Starting at the line with "by rewrite [X", retype each line exactly up to and including the final line of the records below.

Records supplied
....

(* Let $G$ be a simple graph with $n$ vertices, let $G'$ be obtained from $G$ by a symmetric $\mathcal K_{xy}$-operation, and let $f:\mathbb R^n\to\mathbb R$ be a convex symmetric function. Then $f[G]\le f[G']$. In particular $\sum_{v\in V(G)}d(v,G)^s\le\sum_{v\in V(G')}d(v,G')^s$ for every positive integer $s$.
   Context: $d(v,G)$ is the degree of $v$ in $G$, and $f[G]=f(d(v_1,G),\dots,d(v_n,G))$ for any ordering $v_1,\dots,v_n$ of $V(G)$. A function $f:\mathbb R^n\to\mathbb R$ is symmetric if it is invariant under permuting coordinates; a symmetric $f$ is called convex if for all $x\in\mathbb R^n$ with nonnegative coordinates, all indices $r\ne s$ with $x_r\ge x_s$, and all $\varepsilon\ge0$, one has $f(x+\varepsilon e_r)\ge f(x+\varepsilon e_s)$ ($e_i$ the standard unit vectors). $\mathcal K_{xy}$-operation: let $G$ be a simple graph, $x\ne y$ vertices, $\mathcal K$ an induced subgraph of $G$ containing $x$ and $y$, and $N(v)$ the neighbourhood of $v$. Put $X=N(x)\setminus(V(\mathcal K)\cup N(y))$, $Y=N(y)\setminus(V(\mathcal K)\cup N(x))$, $[x,X]=\{xv:v\in X\}$, $[y,X]=\{yv:v\in X\}$, $[y,Y]=\{yv:v\in Y\}$. The graph $\mathcal K_{xy}(G)=(G-[x,X])\cup[y,X]$ (on the same vertex set) is obtained from $G$ by the $\mathcal K_{xy}$-operation. The operation is called symmetric if the graph $G-([x,X]\cup[y,Y])$ has an automorphism $\alpha$ with $\alpha(x)=y$, $\alpha(y)=x$, $\alpha(V(\mathcal K))=V(\mathcal K)$, and $\alpha(v)=v$ for every $v\in X\cup Y$. *)

From HB Require Import structures.
From mathcomp Require Import all_boot all_order all_algebra all_fingroup.
Set Implicit Arguments. Unset Strict Implicit. Unset Printing Implicit Defensive.
Import Order.TTheory GRing.Theory Num.Theory.

Definition simple_graph (T : finType) (e : rel T) : Prop :=
  symmetric e /\ irreflexive e.

Definition nbhd (T : finType) (e : rel T) (v : T) : {set T} := [set u | e v u].
Definition deg (T : finType) (e : rel T) (v : T) : nat := #|nbhd e v|.

Definition degvec (R : realFieldType) (T : finType) (e : rel T)
  : 'I_#|T| -> R := fun i => ((deg e (enum_val i))%:R)%R.

Definition sym_fun (R : realFieldType) (n : nat) (f : ('I_n -> R) -> R) : Prop :=
  forall (s : 'S_n) (x : 'I_n -> R), f (fun i => x (s i)) = f x.

Definition addunit (R : realFieldType) (n : nat) (x : 'I_n -> R) (eps : R) (r : 'I_n)
  : 'I_n -> R := fun i => (x i + (if i == r then eps else 0))%R.

(* convexity in the sense of the paper *)
Definition convex_sym (R : realFieldType) (n : nat) (f : ('I_n -> R) -> R) : Prop :=
  forall (x : 'I_n -> R), (forall i, 0 <= x i)%R ->
  forall r s : 'I_n, r != s -> (x s <= x r)%R ->
  forall eps : R, (0 <= eps)%R -> (f (addunit x eps s) <= f (addunit x eps r))%R.

(* X = N(x) \ (V(K) ∪ N(y)) *)
Definition Kset (T : finType) (e : rel T) (K : {set T}) (x y : T) : {set T} :=
  nbhd e x :\: (K :|: nbhd e y).

(* indicator of the edge set [a, A] = {a v : v in A} *)
Definition star (T : finType) (a : T) (A : {set T}) (u v : T) : bool :=
  ((u == a) && (v \in A)) || ((v == a) && (u \in A)).

(* K_xy(G) = (G - [x,X]) ∪ [y,X] *)
Definition Kop (T : finType) (e : rel T) (K : {set T}) (x y : T) : rel T :=
  fun u v => (e u v && ~~ star x (Kset e K x y) u v) || star y (Kset e K x y) u v.

(* G - ([x,X] ∪ [y,Y]) *)
Definition Kcore (T : finType) (e : rel T) (K : {set T}) (x y : T) : rel T :=
  fun u v => e u v && ~~ star x (Kset e K x y) u v && ~~ star y (Kset e K y x) u v.

Definition Kop_symmetric (T : finType) (e : rel T) (K : {set T}) (x y : T) : Prop :=
  exists alpha : {perm T},
    (forall u v, Kcore e K x y (alpha u) (alpha v) = Kcore e K x y u v) /\
    alpha x = y /\ alpha y = x /\ alpha @: K = K /\
    (forall v, v \in Kset e K x y :|: Kset e K y x -> alpha v = v).

From HB Require Import structures.
From mathcomp Require Import all_boot all_order all_algebra all_fingroup.
From mathcomp Require Import lra.
From Stdlib Require Import FunctionalExtensionality.
Import Order.TTheory GRing.Theory Num.Theory.
Set Implicit Arguments. Unset Strict Implicit.

(* Let G be a simple graph, X = N(x) \ (K ∪ N(y)), Y = N(y) \ (K ∪ N(x)) and
   H = G - ([x,X] ∪ [y,Y]) the core graph.  Put c = d(x,H).
   1. Degree bookkeeping: d(x,G) = c + |X|, d(y,G) = d(y,H) + |Y|; in
      G' = K_xy(G) the vertex x has degree c, y gains exactly |X| new
      neighbours, each v ∈ X swaps its neighbour x for y, and every other
      vertex keeps its neighbourhood.
   2. Symmetry: the automorphism of H exchanging x and y gives d(y,H) = c.
   3. Hence with the "base" degrees b (b(x) = c, b(y) = c + |Y|, b(v) = d(v,G)
      otherwise) the degree vector of G is b + |X| e_x and that of G' is
      b + |X| e_y.  Since b(x) <= b(y), convexity of f gives f[G] <= f[G'].
   4. The power sum z |-> Σ z_i^s is convex in the sense of the paper, so the
      second claim is the first one applied to it over the rationals and
      transported back to the natural numbers. *)

Section KopDegrees.
Variables (T : finType) (e : rel T) (K : {set T}) (x y : T).
Hypotheses (e_sym : symmetric e) (x_neq_y : x != y) (xK : x \in K) (yK : y \in K).

Let X := Kset e K x y.
Let Y := Kset e K y x.
Let H := Kcore e K x y.
Let G' := Kop e K x y.

Lemma inX u : (u \in X) = [&& e x u, u \notin K & ~~ e y u].
Proof. by rewrite !inE negb_or; case: (e x u); case: (u \in K); case: (e y u). Qed.

Lemma inY u : (u \in Y) = [&& e y u, u \notin K & ~~ e x u].
Proof. by rewrite !inE negb_or; case: (e x u); case: (u \in K); case: (e y u). Qed.

Lemma x_notin_X : x \notin X. Proof. by rewrite inX xK andbF. Qed.
Lemma y_notin_X : y \notin X. Proof. by rewrite inX yK andbF. Qed.
Lemma x_notin_Y : x \notin Y. Proof. by rewrite inY xK andbF. Qed.
Lemma y_notin_Y : y \notin Y. Proof. by rewrite inY yK andbF. Qed.

Lemma nbhd_core_x : nbhd H x = nbhd e x :\: X.
Proof.
apply/setP=> u; rewrite !inE /H /Kcore /star eqxx (negbTE x_neq_y) -/X -/Y.
rewrite (negbTE x_notin_Y) (negbTE x_notin_X) !andbF !orbF /= inX.
by case: (e x u); case: (u \in K); case: (e y u).
Qed.

Lemma nbhd_core_y : nbhd H y = nbhd e y :\: Y.
Proof.
apply/setP=> u; rewrite !inE /H /Kcore /star eqxx eq_sym (negbTE x_neq_y) -/X -/Y.
rewrite (negbTE y_notin_Y) (negbTE y_notin_X) !andbF !orbF /= inY.
by case: (e x u); case: (u \in K); case: (e y u).
Qed.

Lemma deg_x_core : deg e x = deg H x + #|X|.
Proof.
have sub : X \subset nbhd e x by apply/subsetP=> u; rewrite inX inE => /andP[].
by rewrite /deg nbhd_core_x cardsD (setIidPr sub) subnK // subset_leq_card.
Qed.

Lemma deg_y_core : deg e y = deg H y + #|Y|.
Proof.
have sub : Y \subset nbhd e y by apply/subsetP=> u; rewrite inY inE => /andP[].
by rewrite /deg nbhd_core_y cardsD (setIidPr sub) subnK // subset_leq_card.
Qed.

Lemma deg_Kop_x : deg G' x = deg H x.
Proof.
rewrite /deg nbhd_core_x; apply: eq_card => u.
rewrite !inE /G' /Kop /star eqxx (negbTE x_neq_y) -/X (negbTE x_notin_X) !andbF !orbF.
by rewrite /= inX; case: (e x u); case: (u \in K); case: (e y u).
Qed.

Lemma deg_Kop_y : deg G' y = deg e y + #|X|.
Proof.
rewrite /deg; have -> : nbhd G' y = nbhd e y :|: X.
  apply/setP=> u; rewrite !inE /G' /Kop /star eqxx eq_sym (negbTE x_neq_y) -/X.
  rewrite (negbTE y_notin_X) !andbF !orbF /= andbT inX.
  by case: (e x u); case: (u \in K); case: (e y u).
have disj : nbhd e y :&: X = set0.
  by apply/setP=> u; rewrite !inE negb_or; case: (e y u); rewrite ?andbF.
by rewrite cardsU disj cards0 subn0.
Qed.

(* A vertex of X exchanges its neighbour x for the new neighbour y. *)
Lemma deg_Kop_X v : v \in X -> deg G' v = deg e v.
Proof.
move=> vX; have := vX; rewrite inX => /and3P[exv _ Neyv].
have vx : v != x by apply: contraNneq x_notin_X => <-.
have vy : v != y by apply: contraNneq y_notin_X => <-.
rewrite /deg; have -> : nbhd G' v = y |: (nbhd e v :\ x).
  apply/setP=> u; rewrite !inE /G' /Kop /star (negbTE vx) (negbTE vy) -/X vX.
  by case: (u == y); rewrite /= ?andbT ?orbF ?orbT // andbC.
rewrite cardsU1 !inE e_sym (negbTE Neyv) andbF add1n.
by rewrite [RHS](cardsD1 x) inE e_sym exv.
Qed.

Lemma deg_Kop_other v : v != x -> v != y -> deg G' v = deg e v.
Proof.
move=> vx vy; have [/deg_Kop_X //|vX] := boolP (v \in X).
apply: eq_card => u; rewrite !inE /G' /Kop /star (negbTE vx) (negbTE vy) -/X.
by rewrite (negbTE vX) !andbF !orbF andbT.
Qed.

(* An automorphism of H swapping x and y maps N_H(x) bijectively onto N_H(y). *)
Lemma deg_core_sym : Kop_symmetric e K x y -> deg H x = deg H y.
Proof.
case=> a [a_auto [ax [ay _]]].
have nbhd_a : nbhd H y = a @: nbhd H x.
  rewrite -ax /H; apply/setP=> w; rewrite inE; apply/idP/imsetP.
  - by move=> Hw; exists ((a^-1)%g w); rewrite ?permKV // inE -a_auto permKV.
  - by case=> u; rewrite inE => Hu ->; rewrite a_auto.
by rewrite /deg nbhd_a card_imset //; apply: perm_inj.
Qed.

Hypothesis K_sym : Kop_symmetric e K x y.

(* Base degrees b: the common part of the degree vectors of G and G'. *)
Definition base_deg (v : T) : nat :=
  if v == x then deg H x else if v == y then deg H x + #|Y| else deg e v.

Lemma base_deg_le : base_deg x <= base_deg y.
Proof. by rewrite /base_deg eqxx eq_sym (negbTE x_neq_y) eqxx leq_addr. Qed.

Lemma deg_base v : deg e v = base_deg v + (v == x) * #|X|.
Proof.
rewrite /base_deg; case: eqP => [->|_]; first by rewrite deg_x_core mul1n.
by case: eqP => [->|_]; rewrite ?deg_y_core ?(deg_core_sym K_sym) mul0n addn0.
Qed.

Lemma deg_Kop_base v : deg G' v = base_deg v + (v == y) * #|X|.
Proof.
rewrite /base_deg; case: eqP => [->|/eqP vx].
  by rewrite (negbTE x_neq_y) mul0n addn0 deg_Kop_x.
case: eqP => [->|/eqP vy]; last by rewrite mul0n addn0 deg_Kop_other.
by rewrite mul1n deg_Kop_y deg_y_core (deg_core_sym K_sym).
Qed.

End KopDegrees.

Lemma degvec_shift (R : realFieldType) (T : finType) (e : rel T)
    (b : T -> nat) (v : T) (d : nat) :
  (forall u, deg e u = b u + (u == v) * d) ->
  degvec R e = addunit (fun i => (b (enum_val i))%:R)%R d%:R%R (enum_rank v).
Proof.
move=> deg_b; apply: functional_extensionality => i.
rewrite /degvec /addunit deg_b natrD -[i]enum_valK (inj_eq enum_rank_inj) enum_rankK.
by case: (enum_val i == v); rewrite ?mul1n ?mul0n.
Qed.

Lemma Kop_convex_le (T : finType) (e : rel T) (x y : T) (K : {set T})
    (R : realFieldType) (f : ('I_#|T| -> R) -> R) :
  symmetric e -> x != y -> x \in K -> y \in K -> Kop_symmetric e K x y ->
  convex_sym f -> (f (degvec R e) <= f (degvec R (Kop e K x y)))%R.
Proof.
move=> e_sym x_neq_y xK yK K_sym f_convex.
rewrite (degvec_shift R (deg_base x_neq_y xK yK K_sym)).
rewrite (degvec_shift R (deg_Kop_base e_sym x_neq_y xK yK K_sym)).
apply: f_convex => [i|||]; rewrite ?ler0n //.
- by rewrite (inj_eq enum_rank_inj) eq_sym.
- by rewrite !enum_rankK ler_nat base_deg_le.
Qed.

Section PowerSum.
Local Open Scope ring_scope.
Variables (R : realFieldType) (n k : nat).

Definition powsum (z : 'I_n -> R) : R := \sum_i z i ^+ k.

Lemma powsum_addunit z d r :
  powsum (addunit z d r) = powsum z - z r ^+ k + (z r + d) ^+ k.
Proof.
rewrite /powsum (bigD1 r) //= [in RHS](bigD1 r) //= /addunit eqxx.
rewrite (eq_bigr (fun i => z i ^+ k)) => [|i /negbTE ->]; last by rewrite addr0.
by rewrite [X in _ = X - _ + _]addrC addrK addrC.
Qed.

(* The increment (t + d)^k - t^k is nondecreasing in t >= 0; by induction on k
   via (t + d)^(k+1) - t^(k+1) = (t + d)((t + d)^k - t^k) + d t^k. *)
Lemma pow_increment_mono (a b d : R) :
  0 <= a -> a <= b -> 0 <= d -> (a + d) ^+ k - a ^+ k <= (b + d) ^+ k - b ^+ k.
Proof.
move=> a0 ab d0; have b0 : 0 <= b by apply: le_trans ab.
have mono m u v : 0 <= u -> u <= v -> u ^+ m <= v ^+ m.
  by move=> u0 uv; apply: lerXn2r; rewrite // nnegrE (le_trans u0).
elim: k => [|m IH]; first by rewrite !subrr.
have ad_a : a ^+ m <= (a + d) ^+ m by apply: mono; rewrite ?lerDl.
have a_b : a ^+ m <= b ^+ m by apply: mono.
rewrite !exprS; nra.
Qed.

(* Adding d to a larger coordinate increases the power sum more. *)
Lemma powsum_convex : convex_sym powsum.
Proof.
move=> z z0 r s _ zsr d d0; rewrite !powsum_addunit.
have := pow_increment_mono (z0 s) zsr d0; lra.
Qed.

End PowerSum.

Lemma powsum_degvec (R : realFieldType) (T : finType) (e : rel T) (k : nat) :
  powsum k (degvec R e) = ((\sum_v deg e v ^ k)%N%:R)%R.
Proof.
by rewrite natr_sum big_enum_val /powsum; apply: eq_bigr => i _; rewrite natrX.
Qed.

Lemma Kop_powsum_le (T : finType) (e : rel T) (x y : T) (K : {set T}) (k : nat) :
  symmetric e -> x != y -> x \in K -> y \in K -> Kop_symmetric e K x y ->
  \sum_(v : T) deg e v ^ k <= \sum_(v : T) deg (Kop e K x y) v ^ k.
Proof.
move=> e_sym x_neq_y xK yK K_sym; rewrite -(ler_nat rat) -!(powsum_degvec rat).
exact: Kop_convex_le (@powsum_convex rat _ k).
Qed.

Theorem mainTheorem15 (T : finType) (e : rel T) (x y : T) (K : {set T}) :
  simple_graph e -> x != y -> x \in K -> y \in K ->
  Kop_symmetric e K x y ->
  (forall (R : realFieldType) (f : ('I_#|T| -> R) -> R),
      sym_fun f -> convex_sym f ->
      (f (degvec R e) <= f (degvec R (Kop e K x y)))%R) /\
  (forall s : nat, 0 < s ->
      \sum_(v : T) deg e v ^ s <= \sum_(v : T) deg (Kop e K x y) v ^ s).
Proof.
move=> [e_sym _] x_neq_y xK yK K_sym; split.
- by move=> R f _; apply: Kop_convex_le.
- by move=> s _; apply: Kop_powsum_le.
Qed.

....

Worked solution
by rewrite [X in _ = X - _ + _]addrC addrK addrC.
Qed.

(* The increment (t + d)^k - t^k is nondecreasing in t >= 0; by induction on k
   via (t + d)^(k+1) - t^(k+1) = (t + d)((t + d)^k - t^k) + d t^k. *)
Lemma pow_increment_mono (a b d : R) :
  0 <= a -> a <= b -> 0 <= d -> (a + d) ^+ k - a ^+ k <= (b + d) ^+ k - b ^+ k.
Proof.
move=> a0 ab d0; have b0 : 0 <= b by apply: le_trans ab.
have mono m u v : 0 <= u -> u <= v -> u ^+ m <= v ^+ m.
  by move=> u0 uv; apply: lerXn2r; rewrite // nnegrE (le_trans u0).
elim: k => [|m IH]; first by rewrite !subrr.
have ad_a : a ^+ m <= (a + d) ^+ m by apply: mono; rewrite ?lerDl.
have a_b : a ^+ m <= b ^+ m by apply: mono.
rewrite !exprS; nra.
Qed.

(* Adding d to a larger coordinate increases the power sum more. *)
Lemma powsum_convex : convex_sym powsum.
Proof.
move=> z z0 r s _ zsr d d0; rewrite !powsum_addunit.
have := pow_increment_mono (z0 s) zsr d0; lra.
Qed.

End PowerSum.

Lemma powsum_degvec (R : realFieldType) (T : finType) (e : rel T) (k : nat) :
  powsum k (degvec R e) = ((\sum_v deg e v ^ k)%N%:R)%R.
Proof.
by rewrite natr_sum big_enum_val /powsum; apply: eq_bigr => i _; rewrite natrX.
Qed.

Lemma Kop_powsum_le (T : finType) (e : rel T) (x y : T) (K : {set T}) (k : nat) :
  symmetric e -> x != y -> x \in K -> y \in K -> Kop_symmetric e K x y ->
  \sum_(v : T) deg e v ^ k <= \sum_(v : T) deg (Kop e K x y) v ^ k.
Proof.
move=> e_sym x_neq_y xK yK K_sym; rewrite -(ler_nat rat) -!(powsum_degvec rat).
exact: Kop_convex_le (@powsum_convex rat _ k).
Qed.

Theorem mainTheorem15 (T : finType) (e : rel T) (x y : T) (K : {set T}) :
  simple_graph e -> x != y -> x \in K -> y \in K ->
  Kop_symmetric e K x y ->
  (forall (R : realFieldType) (f : ('I_#|T| -> R) -> R),
      sym_fun f -> convex_sym f ->
      (f (degvec R e) <= f (degvec R (Kop e K x y)))%R) /\
  (forall s : nat, 0 < s ->
      \sum_(v : T) deg e v ^ s <= \sum_(v : T) deg (Kop e K x y) v ^ s).
Proof.
move=> [e_sym _] x_neq_y xK yK K_sym; split.
- by move=> R f _; apply: Kop_convex_le.
- by move=> s _; apply: Kop_powsum_le.
Qed.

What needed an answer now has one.